**Brief**.
Of all the lines in the entries below, give again exactly those starting at the line containing "Definition prob_family (R" and ending at the line containing "(* Both bounds", both ends included, and no others.

**Exercise material**.

————————

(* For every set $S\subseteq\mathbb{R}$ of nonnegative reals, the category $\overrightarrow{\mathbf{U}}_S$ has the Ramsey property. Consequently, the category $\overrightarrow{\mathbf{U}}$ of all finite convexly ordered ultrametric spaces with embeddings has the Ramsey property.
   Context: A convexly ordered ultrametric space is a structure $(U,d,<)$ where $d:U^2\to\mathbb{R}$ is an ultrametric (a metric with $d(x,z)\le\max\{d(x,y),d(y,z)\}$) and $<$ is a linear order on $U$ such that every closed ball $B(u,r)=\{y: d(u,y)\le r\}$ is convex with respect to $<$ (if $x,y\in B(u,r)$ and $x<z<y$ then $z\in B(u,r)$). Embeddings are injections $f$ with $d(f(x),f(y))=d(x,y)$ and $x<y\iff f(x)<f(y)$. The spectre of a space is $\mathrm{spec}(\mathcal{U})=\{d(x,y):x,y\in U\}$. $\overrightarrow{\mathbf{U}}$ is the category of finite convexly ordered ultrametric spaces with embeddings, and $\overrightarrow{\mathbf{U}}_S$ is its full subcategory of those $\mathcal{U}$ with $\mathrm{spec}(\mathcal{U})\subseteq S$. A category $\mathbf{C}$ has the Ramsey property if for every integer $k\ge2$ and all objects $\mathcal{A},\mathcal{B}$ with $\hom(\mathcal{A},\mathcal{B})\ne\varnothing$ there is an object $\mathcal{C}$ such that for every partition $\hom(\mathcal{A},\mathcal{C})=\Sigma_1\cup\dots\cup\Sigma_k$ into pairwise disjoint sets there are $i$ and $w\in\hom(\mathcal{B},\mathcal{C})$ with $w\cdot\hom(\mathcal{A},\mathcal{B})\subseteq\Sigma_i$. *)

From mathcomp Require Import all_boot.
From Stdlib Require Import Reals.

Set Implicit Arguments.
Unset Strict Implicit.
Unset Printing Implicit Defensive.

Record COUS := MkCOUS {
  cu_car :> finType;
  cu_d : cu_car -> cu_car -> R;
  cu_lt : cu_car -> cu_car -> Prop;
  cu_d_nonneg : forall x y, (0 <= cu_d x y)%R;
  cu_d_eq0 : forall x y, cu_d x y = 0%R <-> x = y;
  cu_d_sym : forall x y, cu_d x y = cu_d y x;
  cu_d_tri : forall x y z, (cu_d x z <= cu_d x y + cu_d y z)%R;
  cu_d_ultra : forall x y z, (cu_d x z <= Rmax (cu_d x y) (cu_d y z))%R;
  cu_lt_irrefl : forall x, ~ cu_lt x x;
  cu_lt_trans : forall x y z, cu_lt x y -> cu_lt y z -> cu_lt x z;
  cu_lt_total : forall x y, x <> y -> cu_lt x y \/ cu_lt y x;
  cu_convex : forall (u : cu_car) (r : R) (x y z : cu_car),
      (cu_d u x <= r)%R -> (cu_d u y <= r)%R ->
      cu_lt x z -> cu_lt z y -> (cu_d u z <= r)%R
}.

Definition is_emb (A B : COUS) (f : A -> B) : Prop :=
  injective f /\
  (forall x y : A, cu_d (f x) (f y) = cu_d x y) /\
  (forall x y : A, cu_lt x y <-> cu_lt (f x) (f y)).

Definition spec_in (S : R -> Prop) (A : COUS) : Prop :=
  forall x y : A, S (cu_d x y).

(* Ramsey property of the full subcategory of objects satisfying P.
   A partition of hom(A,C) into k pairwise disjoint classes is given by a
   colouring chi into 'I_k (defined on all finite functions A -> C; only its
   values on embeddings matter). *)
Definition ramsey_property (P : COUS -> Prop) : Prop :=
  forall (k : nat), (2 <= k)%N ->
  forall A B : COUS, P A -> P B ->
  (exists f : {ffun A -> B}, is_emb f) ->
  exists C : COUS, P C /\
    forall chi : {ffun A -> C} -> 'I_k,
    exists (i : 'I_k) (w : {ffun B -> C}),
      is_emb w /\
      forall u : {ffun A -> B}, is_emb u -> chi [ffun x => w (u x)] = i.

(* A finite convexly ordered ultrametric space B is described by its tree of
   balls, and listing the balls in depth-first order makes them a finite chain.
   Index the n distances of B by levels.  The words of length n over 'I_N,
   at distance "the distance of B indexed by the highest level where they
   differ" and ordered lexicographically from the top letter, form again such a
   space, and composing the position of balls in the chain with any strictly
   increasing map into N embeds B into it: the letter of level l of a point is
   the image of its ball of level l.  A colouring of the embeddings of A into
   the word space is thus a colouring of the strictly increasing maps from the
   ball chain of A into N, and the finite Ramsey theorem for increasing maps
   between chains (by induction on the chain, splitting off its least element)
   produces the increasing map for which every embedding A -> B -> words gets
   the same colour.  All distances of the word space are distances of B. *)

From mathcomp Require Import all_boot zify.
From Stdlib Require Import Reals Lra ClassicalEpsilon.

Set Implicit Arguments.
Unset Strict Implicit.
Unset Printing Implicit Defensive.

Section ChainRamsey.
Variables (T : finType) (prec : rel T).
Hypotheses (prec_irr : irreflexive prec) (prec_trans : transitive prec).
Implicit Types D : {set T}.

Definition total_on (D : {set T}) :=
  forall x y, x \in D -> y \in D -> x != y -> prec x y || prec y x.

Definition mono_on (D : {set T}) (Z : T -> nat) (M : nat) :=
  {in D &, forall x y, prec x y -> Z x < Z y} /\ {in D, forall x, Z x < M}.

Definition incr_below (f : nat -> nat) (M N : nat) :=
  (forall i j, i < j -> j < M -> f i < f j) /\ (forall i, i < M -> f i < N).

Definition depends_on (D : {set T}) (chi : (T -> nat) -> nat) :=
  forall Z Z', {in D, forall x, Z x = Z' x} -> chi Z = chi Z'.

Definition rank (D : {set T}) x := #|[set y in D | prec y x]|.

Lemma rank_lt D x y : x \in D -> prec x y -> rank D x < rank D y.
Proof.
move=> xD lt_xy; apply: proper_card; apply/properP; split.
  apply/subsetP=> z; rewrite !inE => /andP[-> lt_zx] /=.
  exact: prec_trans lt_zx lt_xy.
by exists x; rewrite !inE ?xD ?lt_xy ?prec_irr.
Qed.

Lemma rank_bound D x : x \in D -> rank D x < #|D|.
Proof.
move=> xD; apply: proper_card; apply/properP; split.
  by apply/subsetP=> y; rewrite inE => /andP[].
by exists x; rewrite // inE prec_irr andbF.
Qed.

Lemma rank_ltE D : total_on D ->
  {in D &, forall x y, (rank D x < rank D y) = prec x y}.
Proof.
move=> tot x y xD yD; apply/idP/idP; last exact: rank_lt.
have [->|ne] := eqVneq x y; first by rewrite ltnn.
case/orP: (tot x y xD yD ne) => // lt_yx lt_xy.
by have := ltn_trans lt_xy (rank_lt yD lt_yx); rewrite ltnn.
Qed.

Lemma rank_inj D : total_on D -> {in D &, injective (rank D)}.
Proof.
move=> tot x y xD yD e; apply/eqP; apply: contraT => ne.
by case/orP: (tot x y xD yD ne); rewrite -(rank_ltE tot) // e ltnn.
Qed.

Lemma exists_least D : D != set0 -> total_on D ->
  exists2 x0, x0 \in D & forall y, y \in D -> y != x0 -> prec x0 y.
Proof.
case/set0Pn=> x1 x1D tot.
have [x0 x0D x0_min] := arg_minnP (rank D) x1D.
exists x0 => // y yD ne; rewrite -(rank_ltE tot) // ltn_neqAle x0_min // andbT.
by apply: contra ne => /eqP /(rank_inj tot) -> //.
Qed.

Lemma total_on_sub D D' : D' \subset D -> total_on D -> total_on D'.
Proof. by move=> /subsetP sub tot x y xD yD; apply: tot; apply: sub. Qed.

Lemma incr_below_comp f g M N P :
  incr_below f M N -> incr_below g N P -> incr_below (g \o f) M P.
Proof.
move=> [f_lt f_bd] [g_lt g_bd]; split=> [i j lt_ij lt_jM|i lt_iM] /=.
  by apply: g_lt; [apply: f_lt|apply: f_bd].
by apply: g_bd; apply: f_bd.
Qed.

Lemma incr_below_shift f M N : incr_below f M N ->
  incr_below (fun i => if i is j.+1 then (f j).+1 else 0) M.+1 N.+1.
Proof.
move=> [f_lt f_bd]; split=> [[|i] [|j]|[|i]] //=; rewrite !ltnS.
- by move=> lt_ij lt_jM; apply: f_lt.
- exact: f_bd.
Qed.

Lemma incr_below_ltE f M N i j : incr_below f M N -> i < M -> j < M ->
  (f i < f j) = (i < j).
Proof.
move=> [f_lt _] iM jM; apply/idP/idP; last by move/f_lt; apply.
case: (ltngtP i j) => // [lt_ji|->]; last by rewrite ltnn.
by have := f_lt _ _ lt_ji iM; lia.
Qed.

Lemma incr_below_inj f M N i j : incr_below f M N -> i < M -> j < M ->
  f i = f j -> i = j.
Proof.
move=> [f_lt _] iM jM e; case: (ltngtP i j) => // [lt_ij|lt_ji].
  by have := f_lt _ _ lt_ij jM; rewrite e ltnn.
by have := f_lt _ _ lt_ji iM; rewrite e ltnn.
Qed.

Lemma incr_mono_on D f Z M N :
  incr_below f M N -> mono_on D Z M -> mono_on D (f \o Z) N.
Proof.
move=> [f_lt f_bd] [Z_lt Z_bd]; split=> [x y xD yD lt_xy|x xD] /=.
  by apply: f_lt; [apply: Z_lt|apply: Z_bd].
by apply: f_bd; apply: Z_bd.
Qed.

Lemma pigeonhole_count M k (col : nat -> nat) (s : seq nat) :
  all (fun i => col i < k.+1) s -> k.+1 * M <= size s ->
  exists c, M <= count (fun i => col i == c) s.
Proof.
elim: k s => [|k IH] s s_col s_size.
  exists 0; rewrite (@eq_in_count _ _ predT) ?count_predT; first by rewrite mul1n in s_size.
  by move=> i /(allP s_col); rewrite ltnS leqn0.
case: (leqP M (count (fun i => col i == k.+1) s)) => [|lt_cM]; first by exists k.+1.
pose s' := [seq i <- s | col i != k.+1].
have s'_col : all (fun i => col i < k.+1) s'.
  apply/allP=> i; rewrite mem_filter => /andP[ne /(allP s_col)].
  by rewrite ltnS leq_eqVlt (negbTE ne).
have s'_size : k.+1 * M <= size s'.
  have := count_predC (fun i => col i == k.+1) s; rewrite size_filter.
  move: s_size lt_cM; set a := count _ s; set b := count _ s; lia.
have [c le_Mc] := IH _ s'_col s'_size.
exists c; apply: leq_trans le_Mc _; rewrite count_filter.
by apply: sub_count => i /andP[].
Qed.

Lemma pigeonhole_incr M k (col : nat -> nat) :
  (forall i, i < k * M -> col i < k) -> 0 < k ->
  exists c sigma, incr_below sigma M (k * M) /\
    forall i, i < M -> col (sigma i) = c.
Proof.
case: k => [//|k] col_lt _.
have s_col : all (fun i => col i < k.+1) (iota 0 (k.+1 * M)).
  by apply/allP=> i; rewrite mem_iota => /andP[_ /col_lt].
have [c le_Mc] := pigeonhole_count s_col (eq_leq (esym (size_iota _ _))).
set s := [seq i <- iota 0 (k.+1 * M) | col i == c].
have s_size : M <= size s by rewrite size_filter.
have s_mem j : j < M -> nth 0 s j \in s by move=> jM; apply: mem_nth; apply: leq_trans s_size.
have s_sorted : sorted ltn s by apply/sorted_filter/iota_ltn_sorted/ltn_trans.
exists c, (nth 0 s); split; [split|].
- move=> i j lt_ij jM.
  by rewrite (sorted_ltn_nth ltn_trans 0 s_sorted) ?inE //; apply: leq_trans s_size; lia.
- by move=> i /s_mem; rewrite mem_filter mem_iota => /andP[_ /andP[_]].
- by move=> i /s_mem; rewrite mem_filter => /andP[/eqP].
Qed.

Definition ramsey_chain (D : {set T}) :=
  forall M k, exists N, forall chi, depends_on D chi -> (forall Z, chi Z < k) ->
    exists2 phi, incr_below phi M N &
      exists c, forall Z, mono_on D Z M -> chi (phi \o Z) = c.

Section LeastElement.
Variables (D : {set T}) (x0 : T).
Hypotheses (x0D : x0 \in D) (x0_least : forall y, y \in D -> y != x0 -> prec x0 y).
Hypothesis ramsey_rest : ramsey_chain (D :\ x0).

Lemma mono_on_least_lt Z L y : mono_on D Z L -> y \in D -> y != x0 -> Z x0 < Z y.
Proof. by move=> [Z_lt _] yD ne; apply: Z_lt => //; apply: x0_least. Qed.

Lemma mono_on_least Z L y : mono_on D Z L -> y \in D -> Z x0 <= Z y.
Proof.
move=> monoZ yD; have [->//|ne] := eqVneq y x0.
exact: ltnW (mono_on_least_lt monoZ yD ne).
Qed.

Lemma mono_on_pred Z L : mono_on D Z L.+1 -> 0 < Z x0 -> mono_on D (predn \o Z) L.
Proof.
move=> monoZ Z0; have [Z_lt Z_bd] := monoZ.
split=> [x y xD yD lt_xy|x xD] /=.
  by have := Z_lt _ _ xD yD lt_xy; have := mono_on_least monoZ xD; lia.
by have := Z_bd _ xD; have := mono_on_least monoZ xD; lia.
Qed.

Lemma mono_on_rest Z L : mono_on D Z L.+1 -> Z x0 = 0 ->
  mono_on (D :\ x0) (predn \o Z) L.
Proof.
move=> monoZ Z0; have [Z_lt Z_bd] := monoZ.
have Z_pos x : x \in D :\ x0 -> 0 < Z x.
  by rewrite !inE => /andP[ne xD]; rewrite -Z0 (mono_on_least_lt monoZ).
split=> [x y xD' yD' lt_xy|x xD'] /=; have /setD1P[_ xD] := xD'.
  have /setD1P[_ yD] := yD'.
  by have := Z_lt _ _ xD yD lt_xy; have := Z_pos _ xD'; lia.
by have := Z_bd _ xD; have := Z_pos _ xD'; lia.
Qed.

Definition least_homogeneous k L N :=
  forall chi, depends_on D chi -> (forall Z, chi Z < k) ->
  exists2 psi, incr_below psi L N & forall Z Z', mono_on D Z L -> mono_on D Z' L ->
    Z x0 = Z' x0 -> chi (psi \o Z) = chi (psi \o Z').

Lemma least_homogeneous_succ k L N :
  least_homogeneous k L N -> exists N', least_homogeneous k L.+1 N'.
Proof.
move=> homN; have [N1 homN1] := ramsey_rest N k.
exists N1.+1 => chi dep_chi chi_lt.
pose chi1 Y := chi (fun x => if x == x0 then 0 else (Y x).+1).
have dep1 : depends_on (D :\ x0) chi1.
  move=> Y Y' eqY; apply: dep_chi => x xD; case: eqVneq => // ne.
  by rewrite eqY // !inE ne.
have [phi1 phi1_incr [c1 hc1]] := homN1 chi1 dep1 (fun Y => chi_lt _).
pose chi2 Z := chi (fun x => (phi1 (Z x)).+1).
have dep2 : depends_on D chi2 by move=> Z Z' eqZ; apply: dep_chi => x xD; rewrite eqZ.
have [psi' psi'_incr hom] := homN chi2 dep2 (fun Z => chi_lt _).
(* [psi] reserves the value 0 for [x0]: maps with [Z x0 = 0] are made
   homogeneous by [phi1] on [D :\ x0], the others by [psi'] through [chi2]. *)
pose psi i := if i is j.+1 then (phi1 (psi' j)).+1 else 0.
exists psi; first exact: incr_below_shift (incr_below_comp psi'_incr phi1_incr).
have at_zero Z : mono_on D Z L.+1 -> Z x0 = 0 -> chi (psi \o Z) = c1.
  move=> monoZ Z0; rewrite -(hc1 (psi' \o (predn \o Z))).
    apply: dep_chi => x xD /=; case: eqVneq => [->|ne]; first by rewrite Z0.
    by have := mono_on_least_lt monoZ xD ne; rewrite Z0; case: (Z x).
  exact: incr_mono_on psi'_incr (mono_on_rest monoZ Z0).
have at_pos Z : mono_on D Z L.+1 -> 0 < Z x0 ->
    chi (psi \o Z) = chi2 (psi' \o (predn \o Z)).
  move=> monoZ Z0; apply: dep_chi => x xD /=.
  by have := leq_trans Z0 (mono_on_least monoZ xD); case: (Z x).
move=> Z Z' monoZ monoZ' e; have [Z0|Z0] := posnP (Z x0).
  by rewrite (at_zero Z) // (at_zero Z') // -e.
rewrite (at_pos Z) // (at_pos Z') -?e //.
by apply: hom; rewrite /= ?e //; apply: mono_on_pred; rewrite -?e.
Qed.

————————

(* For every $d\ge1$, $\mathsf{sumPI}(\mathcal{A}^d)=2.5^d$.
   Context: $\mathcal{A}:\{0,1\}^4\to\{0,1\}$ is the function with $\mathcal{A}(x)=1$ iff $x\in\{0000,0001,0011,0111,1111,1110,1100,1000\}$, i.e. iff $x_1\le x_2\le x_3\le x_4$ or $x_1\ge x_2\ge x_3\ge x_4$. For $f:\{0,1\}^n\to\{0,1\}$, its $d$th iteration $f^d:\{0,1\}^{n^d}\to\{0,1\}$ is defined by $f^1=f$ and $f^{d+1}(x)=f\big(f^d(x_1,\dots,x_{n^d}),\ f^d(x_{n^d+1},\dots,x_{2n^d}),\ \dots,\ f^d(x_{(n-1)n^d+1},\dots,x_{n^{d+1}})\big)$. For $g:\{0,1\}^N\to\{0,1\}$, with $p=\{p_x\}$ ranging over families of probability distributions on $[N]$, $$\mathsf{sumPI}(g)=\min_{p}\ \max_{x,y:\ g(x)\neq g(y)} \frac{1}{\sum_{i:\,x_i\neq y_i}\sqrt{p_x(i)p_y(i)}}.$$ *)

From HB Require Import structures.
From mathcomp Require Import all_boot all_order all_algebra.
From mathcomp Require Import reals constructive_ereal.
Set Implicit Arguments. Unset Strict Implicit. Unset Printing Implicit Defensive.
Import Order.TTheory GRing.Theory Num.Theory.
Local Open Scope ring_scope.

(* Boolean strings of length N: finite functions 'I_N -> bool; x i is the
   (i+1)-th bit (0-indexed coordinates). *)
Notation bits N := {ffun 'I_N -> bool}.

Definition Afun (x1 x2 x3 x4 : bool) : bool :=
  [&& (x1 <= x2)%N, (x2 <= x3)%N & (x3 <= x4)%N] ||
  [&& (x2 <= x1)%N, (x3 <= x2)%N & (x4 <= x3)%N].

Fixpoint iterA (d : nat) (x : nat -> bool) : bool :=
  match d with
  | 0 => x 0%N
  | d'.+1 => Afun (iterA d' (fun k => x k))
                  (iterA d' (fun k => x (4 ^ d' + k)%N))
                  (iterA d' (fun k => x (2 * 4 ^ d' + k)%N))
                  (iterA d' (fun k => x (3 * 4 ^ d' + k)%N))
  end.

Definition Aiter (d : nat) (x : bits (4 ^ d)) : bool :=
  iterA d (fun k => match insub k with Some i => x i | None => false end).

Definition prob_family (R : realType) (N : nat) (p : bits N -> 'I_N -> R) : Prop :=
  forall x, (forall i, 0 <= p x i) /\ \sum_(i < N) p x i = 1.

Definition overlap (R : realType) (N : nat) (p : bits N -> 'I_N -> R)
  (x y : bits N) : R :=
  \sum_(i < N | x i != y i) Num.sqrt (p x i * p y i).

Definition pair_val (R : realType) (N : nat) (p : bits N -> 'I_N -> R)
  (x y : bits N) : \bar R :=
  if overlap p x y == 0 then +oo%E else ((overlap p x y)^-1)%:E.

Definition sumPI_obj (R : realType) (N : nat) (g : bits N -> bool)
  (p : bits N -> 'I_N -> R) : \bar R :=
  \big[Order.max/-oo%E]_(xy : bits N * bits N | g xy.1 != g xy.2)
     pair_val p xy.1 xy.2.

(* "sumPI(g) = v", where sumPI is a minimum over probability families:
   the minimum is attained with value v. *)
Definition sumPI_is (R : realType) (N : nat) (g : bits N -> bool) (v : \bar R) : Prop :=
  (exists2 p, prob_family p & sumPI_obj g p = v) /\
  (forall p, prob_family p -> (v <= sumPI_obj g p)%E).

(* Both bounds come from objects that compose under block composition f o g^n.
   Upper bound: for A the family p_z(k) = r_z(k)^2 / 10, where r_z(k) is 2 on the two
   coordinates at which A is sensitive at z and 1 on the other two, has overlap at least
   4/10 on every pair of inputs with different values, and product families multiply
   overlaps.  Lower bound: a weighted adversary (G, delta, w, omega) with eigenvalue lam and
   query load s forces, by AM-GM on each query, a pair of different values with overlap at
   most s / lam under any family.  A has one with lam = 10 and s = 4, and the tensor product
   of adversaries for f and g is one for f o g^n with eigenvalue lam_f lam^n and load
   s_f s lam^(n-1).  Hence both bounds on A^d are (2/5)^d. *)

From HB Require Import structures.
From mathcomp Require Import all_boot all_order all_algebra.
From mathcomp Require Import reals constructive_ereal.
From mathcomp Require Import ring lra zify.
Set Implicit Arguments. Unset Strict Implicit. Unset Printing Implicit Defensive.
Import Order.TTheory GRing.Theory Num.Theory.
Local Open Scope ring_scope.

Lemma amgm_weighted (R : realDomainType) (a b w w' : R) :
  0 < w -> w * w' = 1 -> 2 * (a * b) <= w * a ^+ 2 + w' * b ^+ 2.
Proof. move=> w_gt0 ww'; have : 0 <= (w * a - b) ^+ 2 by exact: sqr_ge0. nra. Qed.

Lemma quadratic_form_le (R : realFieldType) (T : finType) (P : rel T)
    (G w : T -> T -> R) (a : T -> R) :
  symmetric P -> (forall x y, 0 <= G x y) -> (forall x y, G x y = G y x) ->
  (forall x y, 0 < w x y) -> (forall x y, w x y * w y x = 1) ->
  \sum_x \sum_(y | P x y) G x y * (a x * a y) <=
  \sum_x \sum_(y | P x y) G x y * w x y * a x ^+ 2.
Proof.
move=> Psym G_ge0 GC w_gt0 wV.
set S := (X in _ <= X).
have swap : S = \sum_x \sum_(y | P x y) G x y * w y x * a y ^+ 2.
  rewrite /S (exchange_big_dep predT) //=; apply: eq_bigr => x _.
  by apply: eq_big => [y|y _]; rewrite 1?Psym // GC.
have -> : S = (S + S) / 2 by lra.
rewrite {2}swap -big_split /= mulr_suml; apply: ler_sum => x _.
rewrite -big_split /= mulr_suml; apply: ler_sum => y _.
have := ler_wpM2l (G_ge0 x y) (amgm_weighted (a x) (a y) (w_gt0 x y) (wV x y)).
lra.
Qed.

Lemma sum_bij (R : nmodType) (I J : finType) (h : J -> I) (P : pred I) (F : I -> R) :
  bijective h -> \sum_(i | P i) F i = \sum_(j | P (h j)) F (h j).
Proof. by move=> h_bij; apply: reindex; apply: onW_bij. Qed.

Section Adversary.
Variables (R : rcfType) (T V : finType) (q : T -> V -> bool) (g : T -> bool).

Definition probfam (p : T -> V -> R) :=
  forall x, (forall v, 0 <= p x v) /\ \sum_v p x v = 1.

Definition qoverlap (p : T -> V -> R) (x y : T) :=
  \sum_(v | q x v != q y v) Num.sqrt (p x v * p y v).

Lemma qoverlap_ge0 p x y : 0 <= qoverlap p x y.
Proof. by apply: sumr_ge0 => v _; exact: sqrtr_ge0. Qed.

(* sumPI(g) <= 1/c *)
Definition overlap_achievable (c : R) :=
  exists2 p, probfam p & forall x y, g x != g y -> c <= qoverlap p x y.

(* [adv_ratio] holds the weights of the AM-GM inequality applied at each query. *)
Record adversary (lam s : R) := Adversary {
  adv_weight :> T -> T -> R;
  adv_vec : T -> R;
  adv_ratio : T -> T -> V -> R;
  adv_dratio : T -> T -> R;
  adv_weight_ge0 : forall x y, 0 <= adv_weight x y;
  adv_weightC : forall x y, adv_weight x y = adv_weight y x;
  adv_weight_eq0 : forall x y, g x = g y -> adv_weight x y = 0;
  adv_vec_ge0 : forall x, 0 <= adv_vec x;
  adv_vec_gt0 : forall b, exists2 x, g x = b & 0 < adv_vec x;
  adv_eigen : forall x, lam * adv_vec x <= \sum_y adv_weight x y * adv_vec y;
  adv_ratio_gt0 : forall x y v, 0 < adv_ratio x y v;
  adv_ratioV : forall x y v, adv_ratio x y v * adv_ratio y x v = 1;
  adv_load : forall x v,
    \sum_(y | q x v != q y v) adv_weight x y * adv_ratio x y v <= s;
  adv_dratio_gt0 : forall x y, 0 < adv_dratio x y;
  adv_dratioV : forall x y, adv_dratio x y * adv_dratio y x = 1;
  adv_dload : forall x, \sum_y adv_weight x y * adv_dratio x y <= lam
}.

————————

**Response below**.
Definition prob_family (R : realType) (N : nat) (p : bits N -> 'I_N -> R) : Prop :=
  forall x, (forall i, 0 <= p x i) /\ \sum_(i < N) p x i = 1.

Definition overlap (R : realType) (N : nat) (p : bits N -> 'I_N -> R)
  (x y : bits N) : R :=
  \sum_(i < N | x i != y i) Num.sqrt (p x i * p y i).

Definition pair_val (R : realType) (N : nat) (p : bits N -> 'I_N -> R)
  (x y : bits N) : \bar R :=
  if overlap p x y == 0 then +oo%E else ((overlap p x y)^-1)%:E.

Definition sumPI_obj (R : realType) (N : nat) (g : bits N -> bool)
  (p : bits N -> 'I_N -> R) : \bar R :=
  \big[Order.max/-oo%E]_(xy : bits N * bits N | g xy.1 != g xy.2)
     pair_val p xy.1 xy.2.

(* "sumPI(g) = v", where sumPI is a minimum over probability families:
   the minimum is attained with value v. *)
Definition sumPI_is (R : realType) (N : nat) (g : bits N -> bool) (v : \bar R) : Prop :=
  (exists2 p, prob_family p & sumPI_obj g p = v) /\
  (forall p, prob_family p -> (v <= sumPI_obj g p)%E).

(* Both bounds come from objects that compose under block composition f o g^n.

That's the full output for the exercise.